* _Records provided_

Lemma psum_of_prefix_stable m k (s : 'S_(m + k)) :
  (forall i, (s i < m)%N = (i < m)%N) -> exists s1 s2, s = psum s1 s2.
Proof.
move=> s_prefix.
have lo (i : 'I_m) : {j : 'I_m | s (lshift k i) = lshift k j}.
  have : (s (lshift k i) < m)%N by rewrite s_prefix /= ltn_ord.
  by case: (shiftP (s (lshift k i))) => // j _; exists j.
have hi (i : 'I_k) : {j : 'I_k | s (rshift m i) = rshift m j}.
  have : (s (rshift m i) < m)%N = false by rewrite s_prefix /= ltnNge leq_addr.
  by case: (shiftP (s (rshift m i))) => // j _; exists j.
have lo_inj : injective (fun i => sval (lo i)).
  move=> i i' /= E; apply/lshift_inj/(@perm_inj _ s).
  by rewrite (svalP (lo i)) (svalP (lo i')) E.
have hi_inj : injective (fun i => sval (hi i)).
  move=> i i' /= E; apply/rshift_inj/(@perm_inj _ s).
  by rewrite (svalP (hi i)) (svalP (hi i')) E.
exists (perm lo_inj), (perm hi_inj); apply/permP => i.
rewrite permE /psum_fun; case: shiftP => j; rewrite permE.
- exact: svalP (lo j).
- exact: svalP (hi j).
Qed.

Section Tropical.
Variable R : realType.

Lemma big_tplus_only (I : finType) (F : I -> option R) k0 :
  (forall k, k != k0 -> F k = None) -> \big[@tplus R/None]_k F k = F k0.
Proof.
move=> F_none.
suff in_seq s : \big[@tplus R/None]_(k <- s) F k = if k0 \in s then F k0 else None.
  by rewrite in_seq mem_index_enum.
elim: s => [|a s IH]; first by rewrite big_nil.
rewrite big_cons IH in_cons; case: (eqVneq a k0) => [->|ne] /=.
  by case: (k0 \in s); case: (F k0) => //= x; rewrite minxx.
by rewrite F_none //; case: (k0 \in s).
Qed.

Definition tval n (g : tmono R n) i (t : R) := toff g i + (tslope g i)%:~R * t.

Lemma isSome_tentry n (g : tmono R n) t i j : isSome (tentry g t i j) = (tperm g i == j).
Proof. by rewrite /tentry; case: eqP. Qed.

Lemma tentry_tslope n1 n2 (g1 : tmono R n1) (g2 : tmono R n2) (L : R) i1 i2 j1 :
  0 < L -> (forall t, 0 < t < L -> tentry g1 t i1 j1 = tentry g2 t i2 (tperm g2 i2)) ->
  tslope g1 i1 = tslope g2 i2.
Proof.
move=> L_gt0 eq_entry; apply: (@intr_inj R).
apply: (affine_eq_slope (a := toff g1 i1) (c := toff g2 i2) L_gt0) => t t_in.
by move: (eq_entry t t_in); rewrite /tentry eqxx; case: eqP => // _ [].
Qed.

Lemma tsum_lshift a b (g : tmono R a) (h : tmono R b) x :
  [/\ tperm (tsum g h) (lshift b x) = lshift b (tperm g x),
      toff (tsum g h) (lshift b x) = toff g x &
      tslope (tsum g h) (lshift b x) = tslope g x].
Proof. by rewrite /= permE /psum_fun !split_lshift. Qed.

Lemma tsum_rshift a b (g : tmono R a) (h : tmono R b) y :
  [/\ tperm (tsum g h) (rshift a y) = rshift a (tperm h y),
      toff (tsum g h) (rshift a y) = toff h y &
      tslope (tsum g h) (rshift a y) = tslope h y].
Proof. by rewrite /= permE /psum_fun !split_rshift. Qed.

End Tropical.

Section Bundles.
Variables (R : realType) (G : model R).

Lemma conj_tentryE n (phi psi : hsec G n) (g : tmono R n) v w e t i j :
  tmul (tmul (hentry v phi e t) (tentry g t)) (tinv (hentry w psi e t)) i j =
  if hperm psi j == tperm g (hperm phi i) then
    Some (hrestr v phi e i t + tval g (hperm phi i) t - hrestr w psi e j t)
  else None.
Proof.
have hentry_none k l : l != hperm phi k -> hentry v phi e t k l = None.
  by rewrite /hentry eq_sym => /negbTE ->.
have inner k : \big[@tplus R/None]_l ttimes (hentry v phi e t i l) (tentry g t l k)
    = ttimes (hentry v phi e t i (hperm phi i)) (tentry g t (hperm phi i) k).
  by apply: big_tplus_only => l nl; rewrite hentry_none.
rewrite /tmul (big_tplus_only (k0 := tperm g (hperm phi i))) => [|k nk]; rewrite inner.
  by rewrite /hentry /tentry /tinv !eqxx /=; case: eqP.
by rewrite /tentry eq_sym (negbTE nk); case: hentry.
Qed.

Hypothesis len_gt0 : forall e : edge G, 0 < len e.
Hypothesis src_neq_tgt : forall e : edge G, src e != tgt e.

(* [g' e = phi_(src e) (.) g e (.) phi_(tgt e)^-1], read off entry by entry. *)
Definition gauge n (phi : vert G -> hsec G n) (g g' : cocycle G n) :=
  forall e : edge G,
  (forall i, hperm (phi (tgt e)) (tperm (g' e) i) = tperm (g e) (hperm (phi (src e)) i)) /\
  (forall t, 0 < t < len e -> forall i, tval (g' e) i t =
     hrestr (src e) (phi (src e)) e i t + tval (g e) (hperm (phi (src e)) i) t
     - hrestr (tgt e) (phi (tgt e)) e (tperm (g' e) i) t).

Lemma mid_in_edge (e : edge G) : 0 < len e / 2 < len e.
Proof. by have := len_gt0 e => ?; apply/andP; split; lra. Qed.

Lemma cohomologousP n (g g' : cocycle G n) :
  cohomologous g g' <-> exists phi, (forall v, harmonic_sec v (phi v)) /\ gauge phi g g'.
Proof.
split=> [[phi [harm eq_g]]|[phi [harm gau]]]; exists phi; split => // e.
  have entry t (t_in : 0 < t < len e) i :=
    congr1 (fun M => M i (tperm (g' e) i)) (eq_g e t t_in).
  split=> [i|t t_in i].
  - by move: (entry _ (mid_in_edge e) i); rewrite conj_tentryE /tentry eqxx; case: eqP.
  - move: (entry t t_in i); rewrite conj_tentryE /tentry /tval eqxx.
    by case: eqP => // _ [->].
move=> t t_in; have [perm_eq val_eq] := gau e.
apply: funext => i; apply: funext => j.
rewrite conj_tentryE /tentry -perm_eq (inj_eq perm_inj) [j == _]eq_sym.
by case: eqP => // <-; rewrite -val_eq.
Qed.

Lemma gauge_tslope n phi (g g' : cocycle G n) : gauge phi g g' -> forall e i,
  tslope (g' e) i = hslope (phi (src e)) i e + tslope (g e) (hperm (phi (src e)) i)
     + hslope (phi (tgt e)) (tperm (g' e) i) e.
Proof.
move=> gau e i; have [_ val_eq] := gau e; apply: (@intr_inj R); rewrite !rmorphD /=.
apply: (affine_eq_slope (a := toff (g' e) i)
  (c := hval (phi (src e)) i + toff (g e) (hperm (phi (src e)) i)
        - hval (phi (tgt e)) (tperm (g' e) i)
        - (hslope (phi (tgt e)) (tperm (g' e) i) e)%:~R * len e) (len_gt0 e)) => t t_in.
move: (val_eq t t_in i); rewrite /tval /hrestr eqxx (negbTE (src_neq_tgt e)) => ->.
ring.
Qed.

Definition invariant n (g : cocycle G n) (S : vert G -> {set 'I_n}) :=
  forall e i, (i \in S (src e)) = (tperm (g e) i \in S (tgt e)).

Definition subdeg n (g : cocycle G n) (S : vert G -> {set 'I_n}) : int :=
  \sum_(e : edge G) \sum_(i in S (src e)) tslope (g e) i.

Definition transport n (phi : vert G -> hsec G n) (S : vert G -> {set 'I_n}) v :=
  (hperm (phi v))^-1%g @^-1: S v.

Lemma mem_transport n (phi : vert G -> hsec G n) S v i :
  (hperm (phi v) i \in transport phi S v) = (i \in S v).
Proof. by rewrite inE permK. Qed.

Lemma card_transport n (phi : vert G -> hsec G n) S v : #|transport phi S v| = #|S v|.
Proof. exact/card_preimset/perm_inj. Qed.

* _Aim of the exercise_
Write out the records exactly, starting at the first line and stopping after the line that contains "have : (s (rshift".

* _Task result_
Lemma psum_of_prefix_stable m k (s : 'S_(m + k)) :
  (forall i, (s i < m)%N = (i < m)%N) -> exists s1 s2, s = psum s1 s2.
Proof.
move=> s_prefix.
have lo (i : 'I_m) : {j : 'I_m | s (lshift k i) = lshift k j}.
  have : (s (lshift k i) < m)%N by rewrite s_prefix /= ltn_ord.
  by case: (shiftP (s (lshift k i))) => // j _; exists j.
have hi (i : 'I_k) : {j : 'I_k | s (rshift m i) = rshift m j}.
  have : (s (rshift m i) < m)%N = false by rewrite s_prefix /= ltnNge leq_addr.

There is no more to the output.